Imaginations Through The Looking Glass“, aufgenommen beim ganz persönlichen Festival der Band 2003 im oberfränkischen Coburg, ist bis heute das ultimative Live-Dokument der Band, das auch unter denjenigen, die mit den Studioaufnahmen der Band nicht allzu viel anfangen können eine besondere Magie ausstrahlt. Es gibt wenige Konzertmitschnitte, die auf Anhieb so viel Lust auf eine Live-Show versprühen, und es gibt noch viel weniger, die trotz allen Aufwands und der enormen musikalischen Tiefe die richtige Balance aus Spontanität, authentischem Live-Feeling und viel Hingabe und Liebe zum Detail ausstrahlen. Die Setlist, die natürlich alle bis dahin veröffentlichten Alben bis zum 2002er Epos „A Night At The Opera“ berücksichtigt, ist zugleich eine ultimative Best Of-Setlist der Band, und wenn es eine empfehlenswerte Veröffentlichung gibt, um nicht Eingeweihte von der Besonderheit der Band zu überzeugen, dann ist es dieses hier. Die Superhelden-Box hält euch dieses Zeitdokument glücklicherweise ebenso bereit wie die Studioalben.“ Dem ist eigentlich nichts mehr hinzu zu fügen.

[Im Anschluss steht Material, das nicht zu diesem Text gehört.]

(* Assume the thresholds satisfy $\mathcal H^{(n)}_{t_n,s}(\mathbb P_{\widehat\eta_n,(t_n,s)})\ne a_n$ for all $n\ge0$ and all $t_n\le s\le t_{n+1}$. Then for any $\delta\in(0,1)$, $m\ge0$ and $N\ge1$, $$\bigcap_{0\le n\le m}\{t_n^N=t_n\}\supset\Omega_m^N(\delta,(a_n)_{0\le n\le m}).$$
   Context: Let $(E_n)_{n\ge0}$ be measurable spaces, $E'_n:=E_0\times\cdots\times E_n$, $\eta_0\in\mathcal P(E_0)$, $M_n$ Markov kernels from $E_{n-1}$ to $E_n$, $G_n:E_n\to(0,1)$ measurable, $W_{p,q}(x_{p+1:q}):=\prod_{p<k\le q}G_k(x_k)$, and $\mathbb P_{\eta,(p,s)}(dx_{0:s}):=\eta(dx_{0:p})M_{p+1}(x_p,dx_{p+1})\cdots M_s(x_{s-1},dx_s)$ for $\eta\in\mathcal P(E'_p)$. Criteria $\mathcal H^{(n)}_{p,q}:\mathcal P(E'_q)\to\mathbb R_+$ ($n\ge0$, $p\le q$) and thresholds $a_n\in\mathbb R$. Deterministic times and flow: $t_0=0$, $\widehat\eta_0=\eta_0$; $t_{n+1}:=\inf\{s>t_n:\mathcal H^{(n)}_{t_n,s}(\mathbb P_{\widehat\eta_n,(t_n,s)})\ge a_n\}$ (assumed finite), $\eta_{n+1}:=\mathbb P_{\widehat\eta_n,(t_n,t_{n+1})}$, $\widehat\eta_{n+1}(dx)\propto W_{t_n,t_{n+1}}(x_{t_n+1:t_{n+1}})\eta_{n+1}(dx)$. Selection kernel: for $g$ with values in $(0,1]$ and a probability $\mu$, $\mathcal S_{g,\mu}(x,dy):=g(x)\delta_x(dy)+(1-g(x))g(y)\mu(dy)/\mu(g)$. Reference particle algorithm: $\widehat{\mathcal X}_0^{(N,i)}=\mathcal X_0^{(N,i)}$ i.i.d. $\eta_0$; given $\widehat{\mathcal X}_n^{(N,i)}\in E'_{t_n}$, each path is extended independently by the chain with kernels $M_{t_n+1},M_{t_n+2},\dots$ from its terminal coordinate, giving $X^{(N,i)}_{t_n+1:s}$; $\mathcal X_{n+1}^{(N,i)}=(\widehat{\mathcal X}_n^{(N,i)},X^{(N,i)}_{t_n+1:t_{n+1}})$, and the $\widehat{\mathcal X}_{n+1}^{(N,i)}$ are drawn conditionally independently from $\mathcal S_{g,\mu}(\mathcal X_{n+1}^{(N,i)},\cdot)$ with $g=W_{t_n,t_{n+1}}$ and $\mu=\frac1N\sum_j\delta_{\mathcal X^{(N,j)}_{n+1}}$. Write $\mathbb P^N_{\widehat\eta_n^N,(t_n,s)}:=\frac1N\sum_i\delta_{(\widehat{\mathcal X}_n^{(N,i)},X^{(N,i)}_{t_n+1:s})}$. Adaptive particle algorithm: the same, except with random times $t_0^N=0$ and $t_{n+1}^N:=\inf\{s>t_n^N:\mathcal H^{(n)}_{t_n^N,s}(\overline{\mathbb P}^N_{n,s})\ge a_n\}$, where $\overline{\mathbb P}^N_{n,s}:=\frac1N\sum_i\delta_{(\widehat{\mathcal Y}_n^{(N,i)},Y^{(N,i)}_{t_n^N+1:s})}$ is built from its own selected paths $\widehat{\mathcal Y}_n^{(N,i)}\in E'_{t_n^N}$ and their step-by-step extensions $Y^{(N,i)}_{t_n^N+1:s}$; selection uses $g=W_{t_n^N,t_{n+1}^N}$. The two algorithms are coupled so that, for each $m$, on $\bigcap_{0\le n\le m}\{t_n^N=t_n\}$ they coincide at all stages $n\le m$ and their path extensions after time $t_m$ coincide up to time $t_{m+1}\wedge t_{m+1}^N$. Event: for $\delta\in(0,1)$, $\Omega_m^N(\delta,(a_n)_{0\le n\le m}):=\{\forall0\le n\le m,\ \forall t_n\le s\le t_{n+1}:\ |\mathcal H^{(n)}_{t_n,s}(\mathbb P^N_{\widehat\eta_n^N,(t_n,s)})-\mathcal H^{(n)}_{t_n,s}(\mathbb P_{\widehat\eta_n,(t_n,s)})|\le\delta\,|\mathcal H^{(n)}_{t_n,s}(\mathbb P_{\widehat\eta_n,(t_n,s)})-a_n|\}$. *)

From Stdlib Require Export Reals Lra Lia.
Open Scope R_scope.

(* [first_hit P t0 t1]: t1 = inf { s > t0 : P s } (a minimum, since times are
   natural numbers), i.e. t1 > t0, P t1, and no s with t0 < s < t1 satisfies P. *)
Definition first_hit (P : nat -> Prop) (t0 t1 : nat) : Prop :=
  (t0 < t1)%nat /\ P t1 /\ (forall s, (t0 < s < t1)%nat -> ~ P s).

(* Extended-valued version: [None] encodes the value +infinity (inf of the
   empty set). *)
Definition first_hit_opt (P : nat -> Prop) (t0 : nat) (r : option nat) : Prop :=
  match r with
  | Some t1 => first_hit P t0 t1
  | None => forall s, (t0 < s)%nat -> ~ P s
  end.

Definition le_min_opt (s t : nat) (r : option nat) : Prop :=
  (s <= t)%nat /\ match r with Some q => (s <= q)%nat | None => True end.


(* The theorem then follows by course-of-values induction up to m
   ([bounded_prefix_induction]): if t^N_k = t_k for k <= n < m, the coupling
   identifies the adaptive empirical criterion with the reference one up to
   t_{n+1} /\ t^N_{n+1}; on Omega_m^N it lies on the same side of a_n as the
   exact criterion, so both searches stop at the same time. *)

Lemma threshold_side_stable (x y a delta : R) :
  0 < delta < 1 -> x <> a ->
  Rabs (y - x) <= delta * Rabs (x - a) -> (x >= a <-> y >= a).
Proof.
  intros Hdelta Hxa Hclose.
  pose proof (Rle_abs (y - x)) as Hyx.
  pose proof (Rle_abs (x - y)) as Hxy.
  rewrite Rabs_minus_sym in Hxy.
  destruct (Rtotal_order x a) as [Hlt | [Heq | Hgt]].
  - rewrite (Rabs_left (x - a)) in Hclose by lra.
    split; intros; nra.
  - contradiction.
  - rewrite (Rabs_pos_eq (x - a)) in Hclose by lra.
    split; intros; nra.
Qed.

Lemma first_hit_opt_agree (P Q : nat -> Prop) (t0 t1 : nat) (r : option nat) :
  first_hit P t0 t1 -> first_hit_opt Q t0 r ->
  (forall s, (t0 < s)%nat -> le_min_opt s t1 r -> (P s <-> Q s)) ->
  r = Some t1.
Proof.
  intros [Hlt [HPt1 HPbefore]] HQ Hagree.
  destruct r as [q |].
  - destruct HQ as [Hq [HQq HQbefore]].
    destruct (Nat.lt_total q t1) as [Hqt | [-> | Htq]].
    + exfalso. apply (HPbefore q); [lia |].
      apply (Hagree q Hq); [split; lia | exact HQq].
    + reflexivity.
    + exfalso. apply (HQbefore t1); [lia |].
      apply (Hagree t1 Hlt); [split; lia | exact HPt1].
  - exfalso. apply (HQ t1 Hlt).
    apply (Hagree t1 Hlt); [split; [lia | exact I] | exact HPt1].
Qed.

Lemma bounded_prefix_induction (P : nat -> Prop) (m : nat) :
  P 0%nat ->
  (forall n, (n < m)%nat -> (forall k, (k <= n)%nat -> P k) -> P (S n)) ->
  forall n, (n <= m)%nat -> P n.
Proof.
  intros H0 Hstep.
  assert (Hprefix : forall n, (n <= m)%nat -> forall k, (k <= n)%nat -> P k).
  { induction n as [| n IH]; intros Hn k Hk.
    - replace k with 0%nat by lia. exact H0.
    - destruct (Nat.eq_dec k (S n)) as [-> | Hne].
      + apply Hstep; [lia | apply IH; lia].
      + apply IH; lia. }
  intros n Hn. exact (Hprefix n Hn n (le_n n)).
Qed.

Theorem proposition5p2
  (* M q : the space P(E'_q) of probability measures on path space E'_q *)
  (M : nat -> Type)
  (* criteria H^{(n)}_{p,q} : P(E'_q) -> R_+ *)
  (H : forall (n p q : nat), M q -> R)
  (H_nonneg : forall n p q (mu : M q), 0 <= H n p q mu)
  (a : nat -> R)
  (* deterministic times t_n and reference laws Pref n s = P_{hat eta_n,(t_n,s)} *)
  (t : nat -> nat)
  (Pref : forall (n s : nat), M s)
  (t0 : t 0%nat = 0%nat)
  (t_def : forall n, first_hit (fun s => H n (t n) s (Pref n s) >= a n)
                               (t n) (t (S n)))
  (* sample space; particle approximations indexed by N *)
  (Omega : Type)
  (* reference algorithm: PN N w n s = P^N_{hat eta^N_n,(t_n,s)} *)
  (PN : forall (N : nat) (w : Omega) (n s : nat), M s)
  (* adaptive algorithm: Pbar N w n s = bar P^N_{n,s}; random times tN (None = +oo) *)
  (Pbar : forall (N : nat) (w : Omega) (n s : nat), M s)
  (tN : nat -> Omega -> nat -> option nat)
  (tN0 : forall N w, tN N w 0%nat = Some 0%nat)
  (tN_def : forall N w n,
      match tN N w n with
      | Some p => first_hit_opt (fun s => H n p s (Pbar N w n s) >= a n)
                                p (tN N w (S n))
      | None => tN N w (S n) = None
      end)
  (* coupling: on the event {t^N_k = t_k, k <= m}, the adaptive empirical
     measures coincide with the reference ones up to time t_{m+1} /\ t^N_{m+1} *)
  (coupling : forall N w m,
      (forall k, (k <= m)%nat -> tN N w k = Some (t k)) ->
      forall s, le_min_opt s (t (S m)) (tN N w (S m)) ->
        Pbar N w m s = PN N w m s)
  (* threshold assumption *)
  (Hneq : forall n s, (t n <= s <= t (S n))%nat ->
      H n (t n) s (Pref n s) <> a n) :
  forall (delta : R) (m N : nat), 0 < delta < 1 -> (1 <= N)%nat ->
  forall w : Omega,
    (* w in Omega_m^N(delta, (a_n)_{n <= m}) *)
    (forall n, (n <= m)%nat -> forall s, (t n <= s <= t (S n))%nat ->
       Rabs (H n (t n) s (PN N w n s) - H n (t n) s (Pref n s))
         <= delta * Rabs (H n (t n) s (Pref n s) - a n)) ->
    forall n, (n <= m)%nat -> tN N w n = Some (t n).
Proof.
  intros delta m N Hdelta _ w Hclose.
  apply bounded_prefix_induction.
  - rewrite tN0, t0. reflexivity.
  - intros n Hn Hprefix.
    pose proof (tN_def N w n) as Hsearch.
    rewrite (Hprefix n (le_n n)) in Hsearch.
    apply (first_hit_opt_agree _ _ _ _ _ (t_def n) Hsearch).
    intros s Hs Hmin.
    (* up to t_{n+1} /\ t^N_{n+1}, the adaptive criterion is the reference
       empirical one, which lies on the same side of a_n as the exact one *)
    rewrite (coupling N w n Hprefix s Hmin).
    destruct Hmin as [Hst _].
    apply threshold_side_stable with (delta := delta); [exact Hdelta | | ].
    + apply Hneq. lia.
    + apply Hclose; lia.
Qed.
Lemma prefix_seqpow_conj e g h k :
  size g = size h -> size e + size h <= k * size h ->
  e ++ g = take (size e + size h) (seqpow h k) -> e ++ g = h ++ e.
Proof.
case: k => [|k] Egh.
  rewrite mul0n leqn0 addn_eq0 !size_eq0 => /andP[/eqP-> /eqP Eh].
  by move/eqP: Egh; rewrite Eh size_eq0 => /eqP->.
rewrite mulSn addnC leq_add2l => le_e Epre.
have Ee : e = take (size e) (seqpow h k).
  have := congr1 (take (size e)) Epre.
  by rewrite take_size_cat // seqpowSr take_takel ?leq_addl // takel_cat // size_seqpow.
by rewrite Epre seqpowS takeD take_size_cat // drop_size_cat // -Ee.
Qed.

Section Pumped.
Variables (b1 g a1 b2 h a2 : seq A) (B : nat).
Hypothesis pdist_bounded :
  forall k, pdist (b1 ++ seqpow g k ++ a1) (b2 ++ seqpow h k ++ a2) <= B.

Lemma pumped_size_eq : size g = size h.
Proof.
pose k := B + size b1 + size a1 + size b2 + size a2 + 1.
have Hxy := pdist_bounded k; have Hyx := Hxy; rewrite pdist_sym in Hyx.
move: (leq_trans (leq_subsize_pdist _ _) Hxy) (leq_trans (leq_subsize_pdist _ _) Hyx).
rewrite !size_cat !size_seqpow.
case: (ltngtP (size g) (size h)) => // lt_gh.
- have : k * (size g).+1 <= k * size h by rewrite leq_mul2l lt_gh orbT.
  rewrite mulnS /k; lia.
- have : k * (size h).+1 <= k * size g by rewrite leq_mul2l lt_gh orbT.
  rewrite mulnS /k; lia.
Qed.

Lemma pumped_conj : size b2 <= size b1 -> 0 < size g ->
  exists2 e, b1 = b2 ++ e & e ++ g = h ++ e.
Proof.
move=> le_b lt0g; have Egh := pumped_size_eq.
have [k Ek] : exists k, k = B + size b1 + size g by eexists.
have le_kg : k.+1 <= k.+1 * size g by rewrite leq_pmulr.
have := pdist_bounded k.+1; set x := b1 ++ _ ++ a1; set y := b2 ++ _ ++ a2 => Hxy.
pose n := size b1 + size g.
have le_n : n <= lcp x y.
  have := lcp_leq_size x y; have := lcp_leq_size y x; rewrite lcp_sym.
  move: Hxy; rewrite /pdist /x /y !size_cat !size_seqpow -Egh /n; lia.
have := lcp_take le_n.
rewrite {1}/x seqpowS takeD take_size_cat // drop_size_cat // -catA take_size_cat //.
have le_b2n : size b2 <= n by rewrite /n; lia.
rewrite /y -(subnKC le_b2n) takeD take_size_cat //.
rewrite drop_size_cat // takel_cat; last by rewrite size_seqpow -Egh /n; lia.
move=> Ht.
have Eb1 : b1 = b2 ++ drop (size b2) b1.
  have := congr1 (take (size b2)) Ht; rewrite takel_cat // take_size_cat // => Eb2.
  by rewrite -{1}(cat_take_drop (size b2) b1) Eb2.
exists (drop (size b2) b1) => //; set e := drop _ _ in Eb1 *.
have Se : size e = size b1 - size b2 by rewrite size_drop.
have := congr1 (drop (size b2)) Ht; rewrite {1}Eb1 -catA !drop_size_cat // => {}Ht.
apply: (@prefix_seqpow_conj _ _ _ k.+1 Egh); first by rewrite Se -Egh; lia.
by rewrite Ht Se -Egh /n; congr take; lia.
Qed.
Definition Cm (t : nat) : R := minR [set y | forall x, Cfun t y <= Cfun t x].
Definition n0 (t : nat) : int := xget 0 [set n | z n < Cm t <= z (n + 1)].
Definition SU (t : nat) : R :=
  z (minZ [set m | Cm t <= z m /\ Cfun t (z (n0 t)) + K t < Cfun t (z m)]).

Record stage := Stage {
  Hf : R -> R;
  Sv : R;
  sv : R;
  Iv : R;        (* I_t (unused dummy value at t = T-1) *)
  Ibv : R
}.

Definition Vf (st : stage) (Kt : R) (y : R) : R :=
  if y < sv st then Hf st (Sv st) + Kt else Hf st y.

Definition sT1 : R :=
  xget 0 [set x | x <= Cm T.-1 /\ Cfun T.-1 x = Cfun T.-1 (Cm T.-1) + K T.-1].

Definition stage_last : stage :=
  Stage (Cfun T.-1) (Cm T.-1) sT1 sT1 sT1.

(* H_t(y) = C_t(y) + alpha * sum_{n >= -1} V_{t+1}(y - z_n) f_t(n) *)
Definition Hnext (t : nat) (st1 : stage) (y : R) : R :=
  Cfun t y + alpha *
    limn (series (fun k : nat =>
      Vf st1 (K t.+1) (y - z (k%:Z - 1)) * fq t (k%:Z - 1))).

Definition step (t : nat) (st1 : stage) : stage :=
  let It := z (maxZ [set m | z m < Num.min (Ibv st1 - theta) (Cm t)]) in
  let Ibt := z (maxZ [set m | z m <= It /\ Cfun t It + K t < Cfun t (z m)])
             + theta in
  let Ht := Hnext t st1 in
  let St := z (maxZ [set m | It <= z m <= SU t /\
                 forall n, It <= z n <= SU t -> Ht (z m) <= Ht (z n)]) in
  let st := if K t == 0 then St
            else z (minZ [set m | Ibt <= z m <= St /\ Ht (z m) <= Ht St + K t]) in
  Stage Ht St st It Ibt.

(* stage_rec k = data of period T-1-k *)
Fixpoint stage_rec (k : nat) : stage :=
  match k with
  | 0 => stage_last
  | k'.+1 => step (T.-1 - k'.+1) (stage_rec k')
  end.

Definition stageAt (t : nat) : stage := stage_rec (T.-1 - t).

End Model.

Definition mutually_independent {R : realType} {d} {Omega : measurableType d}
  (P : probability Omega R) (n : nat) (D : nat -> {RV P >-> R}) : Prop :=
  forall (I : seq nat) (B : nat -> set R),
    uniq I -> all (fun i => (i < n)%N) I -> (forall i, measurable (B i)) ->
    fine (P [set w | forall i, i \in I -> B i (D i w)]) =
    \prod_(i <- I) fine (P [set w | B i (D i w)]).

Definition convex_fun {R : realType} (f : R -> R) : Prop :=
  forall x y l, 0 <= l <= 1 -> f (l * x + (1 - l) * y) <= l * f x + (1 - l) * f y.
(* $\mathsf{ICK}\oplus(p\mathrel{\Box\!\!\!\rightarrow} p)$ is sound and complete with respect to the class of conditional frames $(X,\leq,\mathcal{R})$ satisfying $R_a[x]\subseteq a$ for all $x\in X$ and all upsets $a$.
   Context: Formulas: $\phi ::= p\mid\bot\mid\phi\wedge\phi\mid\phi\vee\phi\mid\phi\to\phi\mid\phi\mathrel{\Box\!\!\!\rightarrow}\phi$. $\mathsf{ICK}\oplus\Gamma$ is the smallest set containing intuitionistic propositional logic, $\Gamma$, $(p\mathrel{\Box\!\!\!\rightarrow}(q\wedge r))\leftrightarrow((p\mathrel{\Box\!\!\!\rightarrow} q)\wedge(p\mathrel{\Box\!\!\!\rightarrow} r))$ and $(p\mathrel{\Box\!\!\!\rightarrow}\top)\leftrightarrow\top$, closed under uniform substitution, modus ponens and congruence rules for both arguments of $\mathrel{\Box\!\!\!\rightarrow}$. A conditional frame is $(X,\leq,\mathcal{R})$, $(X,\leq)$ a nonempty preorder, $\mathcal{R}=\{R_a\mid a\text{ an upset}\}$ with $(\leq\circ R_a)\subseteq(R_a\circ\leq)$; valuations assign upsets to letters and $x\models\phi\mathrel{\Box\!\!\!\rightarrow}\psi$ iff every $y$ with $xR_{V(\phi)}y$ satisfies $\psi$. $R_a[x]=\{y\mid xR_ay\}$. *)

Inductive form : Set :=
| Var  : nat -> form
| Bot  : form
| And  : form -> form -> form
| Or   : form -> form -> form
| Imp  : form -> form -> form
| Cond : form -> form -> form.

Definition Top : form := Imp Bot Bot.
Definition Iff (a b : form) : form := And (Imp a b) (Imp b a).

Fixpoint subst (s : nat -> form) (f : form) : form :=
  match f with
  | Var n => s n
  | Bot => Bot
  | And a b => And (subst s a) (subst s b)
  | Or a b => Or (subst s a) (subst s b)
  | Imp a b => Imp (subst s a) (subst s b)
  | Cond a b => Cond (subst s a) (subst s b)
  end.

Definition p_ : form := Var 0.
Definition q_ : form := Var 1.
Definition r_ : form := Var 2.

Inductive ICK_id : form -> Prop :=
| ipc_k  a b   : ICK_id (Imp a (Imp b a))
| ipc_s  a b c : ICK_id (Imp (Imp a (Imp b c)) (Imp (Imp a b) (Imp a c)))
| ipc_ai a b   : ICK_id (Imp a (Imp b (And a b)))
| ipc_ae1 a b  : ICK_id (Imp (And a b) a)
| ipc_ae2 a b  : ICK_id (Imp (And a b) b)
| ipc_oi1 a b  : ICK_id (Imp a (Or a b))
| ipc_oi2 a b  : ICK_id (Imp b (Or a b))
| ipc_oe a b c : ICK_id (Imp (Imp a c) (Imp (Imp b c) (Imp (Or a b) c)))
| ipc_efq a    : ICK_id (Imp Bot a)
| ax_and  : ICK_id (Iff (Cond p_ (And q_ r_)) (And (Cond p_ q_) (Cond p_ r_)))
| ax_top  : ICK_id (Iff (Cond p_ Top) Top)
| ax_id   : ICK_id (Cond p_ p_)
| r_subst s f : ICK_id f -> ICK_id (subst s f)
| r_mp a b : ICK_id (Imp a b) -> ICK_id a -> ICK_id b
| r_congl a b c : ICK_id (Iff a b) -> ICK_id (Iff (Cond a c) (Cond b c))
| r_congr a b c : ICK_id (Iff a b) -> ICK_id (Iff (Cond c a) (Cond c b)).

Definition upset {X : Type} (le : X -> X -> Prop) (a : X -> Prop) : Prop :=
  forall x y, le x y -> a x -> a y.

(** Conditional frames (X, <=, R).  R a is only constrained (and only used)
    for upsets a.  Coherence: (<= ; R_a) included in (R_a ; <=), i.e.
    x <= x' and x' R_a z imply x R_a y <= z for some y. *)
Record cframe : Type := {
  W : Type;
  le : W -> W -> Prop;
  le_refl : forall x, le x x;
  le_trans : forall x y z, le x y -> le y z -> le x z;
  W_nonempty : inhabited W;
  R : (W -> Prop) -> W -> W -> Prop;
  R_coh : forall a, upset le a ->
    forall x x' z, le x x' -> R a x' z -> exists y, R a x y /\ le y z
}.

Fixpoint sat (F : cframe) (V : nat -> W F -> Prop) (x : W F) (f : form) : Prop :=
  match f with
  | Var n => V n x
  | Bot => False
  | And a b => sat F V x a /\ sat F V x b
  | Or a b => sat F V x a \/ sat F V x b
  | Imp a b => forall y, le F x y -> sat F V y a -> sat F V y b
  | Cond a b => forall y, R F (fun z => sat F V z a) x y -> sat F V y b
  end.

Definition valuation (F : cframe) (V : nat -> W F -> Prop) : Prop :=
  forall n, upset (le F) (V n).

Definition valid_in (F : cframe) (f : form) : Prop :=
  forall V, valuation F V -> forall x, sat F V x f.

Definition cond_reflexive (F : cframe) : Prop :=
  forall a, upset (le F) a -> forall x y, R F a x y -> a y.

From Stdlib Require Import Classical FunctionalExtensionality PropExtensionality.
From Stdlib Require Import List Lia Cantor.
Import ListNotations.

(* Soundness: truth is persistent along <=, and p []-> p is valid because
   R_a[x] is contained in a, the truth set of p.
   Completeness: in the canonical frame of prime theories, u R_a v holds when a
   is the truth set of some phi and v contains every psi with phi []-> psi in u.
   The frame condition follows from phi []-> phi in u.  In the truth lemma for
   []->, the set { psi | phi []-> psi in u } is closed under derivation (by
   necessitation and the conjunction axiom), so a Lindenbaum extension of it
   avoiding psi is an R-successor; conversely, two formulas with the same truth
   set are provably equivalent, so left congruence makes R_a independent of the
   choice of phi. *)

Section Persistence.
Variables (F : cframe) (V : nat -> W F -> Prop).
Hypothesis HV : valuation F V.

Lemma sat_persistent f x y : le F x y -> sat F V x f -> sat F V y f.
Proof.
  revert x y; induction f; simpl; intros x y Hxy H.
  - exact (HV n x y Hxy H).
  - exact H.
  - destruct H; split; eauto.
  - destruct H; [left | right]; eauto.
  - intros z Hyz Hz. apply H; [eapply le_trans; eauto | exact Hz].
  - intros z Hz.
    assert (Hup : upset (le F) (fun z => sat F V z f1)) by (intros u v; apply IHf1).
    destruct (R_coh F _ Hup x y z Hxy Hz) as [w [Hxw Hwz]].
    eapply IHf2; [exact Hwz | exact (H w Hxw)].
Qed.

Lemma valuation_subst (s : nat -> form) : valuation F (fun n z => sat F V z (s n)).
Proof. intros n x y; apply sat_persistent. Qed.

End Persistence.

Lemma sat_subst F V s f x :
  sat F V x (subst s f) <-> sat F (fun n z => sat F V z (s n)) x f.
Proof.
  revert x; induction f; simpl; intros x; try tauto.
  - rewrite IHf1, IHf2; tauto.
  - rewrite IHf1, IHf2; tauto.
  - split; intros H y Hy; specialize (H y Hy); rewrite ?IHf1, ?IHf2 in *; tauto.
  - assert (E : (fun z => sat F V z (subst s f1))
              = (fun z => sat F (fun n z => sat F V z (s n)) z f1)).
    { apply functional_extensionality; intro z.
      apply propositional_extensionality, IHf1. }
    rewrite E; split; intros H y Hy; apply IHf2, H, Hy.
Qed.

Lemma valid_iff_sat F a b : valid_in F (Iff a b) ->
  forall V, valuation F V -> forall x, sat F V x a <-> sat F V x b.
Proof.
  intros Hab V HV x; destruct (Hab V HV x) as [Hl Hr].
  split; [apply Hl | apply Hr]; apply le_refl.
Qed.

Unter dem Strich ist “A Traveler’s Guide Through Space And Time” eine wunderbare Sache für Fans der Band. Klar, billig ist das Ganze nicht, dafür wird einem auf der anderen Seite aber auch eine Menge geboten für sein Geld. Man kann hören, dass die Alben remastert und teilweise neu gemischt wurden (was ganz viele andere Scheiben nicht von sich behaupten können), was den Kaufpreis (der bei den verschiedenen Plattformen variiert) eigentlich alleine schon rechtfertigt. Diese Box wurde aber mit viel Liebe zum Detail erstellt und ist ihr Geld auf jeden Fall wert.